1. You have, $x+ \frac{1}{x}=66$ and $\frac{50x}{4x^{2}+36x+4}$ can be written as $\frac{50}{4x+36+4\frac{1}{x}}$.
From this you get, $\frac{50}{4(66)+36}=\frac{1}{6}$ .

2. There are infinitely many numbers. Some of them are :- 2, 3, 5, 7, 13, 17, 113......

3. There are three different ways which I know to solve this problem.
→ 1. Find local points of local extrema, sort them up, substitute in the given expression and find how many times the expression changes its sign from -∞ to +∞.(generally used for polynomials of lower degree)
→ 2. Descartes's method. (Simplified form of the method mentioned above, usually used when the expression has simplified terms)
→ 3. We have something that says, " For a polynomial f(x) if f(a).f(b)<0 then there exists a real root between 'a' and 'b' ". ( I am gonna apply this.

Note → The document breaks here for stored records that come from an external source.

(* Let $C$ be a self-adjoint positive operator on a separable complex Hilbert space $\mathfrak{h}$ and let $L\in\mathfrak{L}((\mathcal{D}(C),\|\cdot\|_C),\mathfrak{h})$. Then $L\circ\pi_C:(\mathfrak{h},\mathcal{B}(\mathfrak{h}))\to(\mathfrak{h},\mathcal{B}(\mathfrak{h}))$ is measurable.
   Context: $\|x\|_C^2=\|x\|^2+\|Cx\|^2$; $\mathfrak{L}(\mathfrak{X},\mathfrak{Z})$ denotes bounded linear operators; $\pi_C(x)=x$ if $x\in\mathcal{D}(C)$ and $\pi_C(x)=0$ otherwise; $\mathcal{B}(\mathfrak{h})$ is the Borel $\sigma$-algebra. *)

From HB Require Import structures.
From mathcomp Require Import all_boot all_order all_algebra.
From mathcomp Require Import complex.
From mathcomp Require Import all_classical all_reals all_analysis.
Import Order.TTheory GRing.Theory Num.Theory.
Local Open Scope ring_scope.
Local Open Scope classical_set_scope.
Local Open Scope complex_scope.
Set Implicit Arguments.
Unset Strict Implicit.

(* A complex Hilbert space is modelled as a complete normed space V over
   R[i] (R a realType) together with an inner product ip inducing the norm.
   Convention: ip is linear in the first argument, conjugate-linear in the
   second. *)

Definition is_inner_product (R : realType) (V : completeNormedModType R[i])
    (ip : V -> V -> R[i]) : Prop :=
  [/\ (forall (a : R[i]) (x y z : V), ip (a *: x + y) z = a * ip x z + ip y z),
      (forall x y : V, ip y x = Num.conj (ip x y)) &
      (forall x : V, `|x| ^+ 2 = ip x x)].

Definition separable_space (T : topologicalType) : Prop :=
  exists u : nat -> T, dense (range u).

Definition subspace (R : realType) (V : completeNormedModType R[i]) (D : set V) : Prop :=
  D 0 /\ (forall (a : R[i]) (x y : V), D x -> D y -> D (a *: x + y)).

Definition linear_on (R : realType) (V : completeNormedModType R[i]) (D : set V)
    (f : V -> V) : Prop :=
  forall (a : R[i]) (x y : V), D x -> D y -> f (a *: x + y) = a *: f x + f y.

Definition dd_operator (R : realType) (V : completeNormedModType R[i]) (D : set V)
    (C : V -> V) : Prop :=
  [/\ subspace D, dense D & linear_on D C].

Definition adjoint_domain (R : realType) (V : completeNormedModType R[i])
    (ip : V -> V -> R[i]) (D : set V) (C : V -> V) : set V :=
  [set y | exists z : V, forall x, D x -> ip (C x) y = ip x z].

Definition self_adjoint (R : realType) (V : completeNormedModType R[i])
    (ip : V -> V -> R[i]) (D : set V) (C : V -> V) : Prop :=
  [/\ dd_operator D C,
      adjoint_domain ip D C = D &
      (forall x y, D x -> D y -> ip (C x) y = ip x (C y))].

Definition positive_op (R : realType) (V : completeNormedModType R[i])
    (ip : V -> V -> R[i]) (D : set V) (C : V -> V) : Prop :=
  forall x, D x -> 0 <= ip (C x) x.

Definition graph_norm2 (R : realType) (V : completeNormedModType R[i])
    (C : V -> V) (x : V) : R[i] := `|x| ^+ 2 + `|C x| ^+ 2.

(* L : (D(C), ||.||_C) -> V bounded linear (only values on D matter) *)
Definition bounded_from_graph (R : realType) (V : completeNormedModType R[i])
    (D : set V) (C : V -> V) (L : V -> V) : Prop :=
  linear_on D L /\
  exists M : R[i], 0 <= M /\ forall x, D x -> `|L x| ^+ 2 <= M ^+ 2 * graph_norm2 C x.

Definition pi_dom (R : realType) (V : completeNormedModType R[i]) (D : set V) (x : V) : V :=
  if pselect (D x) then x else 0.

Definition borel_sets (T : topologicalType) : set (set T) := <<s (@open T) >>.

Definition borel_measurable (T U : topologicalType) (f : T -> U) : Prop :=
  forall B, borel_sets B -> borel_sets (f @^-1` B).

From Pilot Require Import Defs.
From HB Require Import structures.
From mathcomp Require Import all_boot all_order all_algebra.
From mathcomp Require Import complex.
From mathcomp Require Import all_classical all_reals all_analysis.
From mathcomp Require Import ring lra.
Import Order.TTheory GRing.Theory Num.Theory.
Local Open Scope ring_scope.
Local Open Scope classical_set_scope.
Local Open Scope complex_scope.

(* For [s > 0] the Tikhonov functional [y |-> ||y - x||^2 + s ||C y||^2] attains its minimum
   on D(C) at the resolvent [(1 + s C^2)^-1 x]; existence uses completeness of the space and
   closedness of the self-adjoint [C].  The resolvent and [C] composed with it are Lipschitz,
   the resolvent tends to [x] as [s -> 0], and [||C (1 + s C^2)^-1 x||] increases as [s]
   decreases, staying bounded exactly when [x] lies in D(C), in which case it converges to
   [C x].  Hence D(C) is a countable union of closed sets, and on D(C) the continuous maps
   [L (1 + s C^2)^-1] converge pointwise to [L] by the graph-norm bound, while [L \o pi_C] is
   constant off D(C).  A function that is a pointwise limit of continuous maps on a Borel set
   and constant off it is Borel measurable. *)

Section RealNorm.
Context {R : realType} {V : completeNormedModType R[i]}.

(* The norm of V takes values in R[i]; all estimates are done on its real part. *)
Definition nrm (u : V) : R := complex.Re `|u|.

Lemma normc_nrm (u : V) : `|u| = (nrm u)%:C.
Proof. by rewrite /nrm RRe_real //; exact: ger0_real. Qed.

Lemma nrm_ge0 (u : V) : 0 <= nrm u.
Proof. by rewrite -ler0c -normc_nrm. Qed.

Lemma nrm_eq0 (u : V) : nrm u = 0 -> u = 0.
Proof. by move=> h; apply/normr0_eq0; rewrite normc_nrm h. Qed.

Lemma nrm0 : nrm (0 : V) = 0.
Proof. by rewrite /nrm normr0. Qed.

Lemma nrmN (u : V) : nrm (- u) = nrm u.
Proof. by rewrite /nrm normrN. Qed.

I admit it's time-consuming but you are 13 and might not probably understand the above two methods )
Here, $f(x)=x^{4}+(2-x)^{4}-34$
Now, start from -∞, you can see that expression is positive.
Take -1, even now f(x)>0.
Take 0, f(x)<0, observe that sign of f(x) has changed when moving from -1 to 0, this means they're is a root between -1 & 0.
Take 1, f(x)<0, no root between 0 & 1.
Take 3, f(x)>0, there's another root.
You may verify that expression remains positive from here on, indicating there no root between 3 and +∞.
Hence, there are only two real roots possible and the other two are complex.

4. You have, $x^{2}+px+q=0$, first p was noted to be 17 and the roots were found to be -2 & -15.
You get, q=(-2)(-15)=30. Then p was corrected as 13. New equation you get is $x^{2}+13x+30=0$.
Roots of this equation are -10 & -3.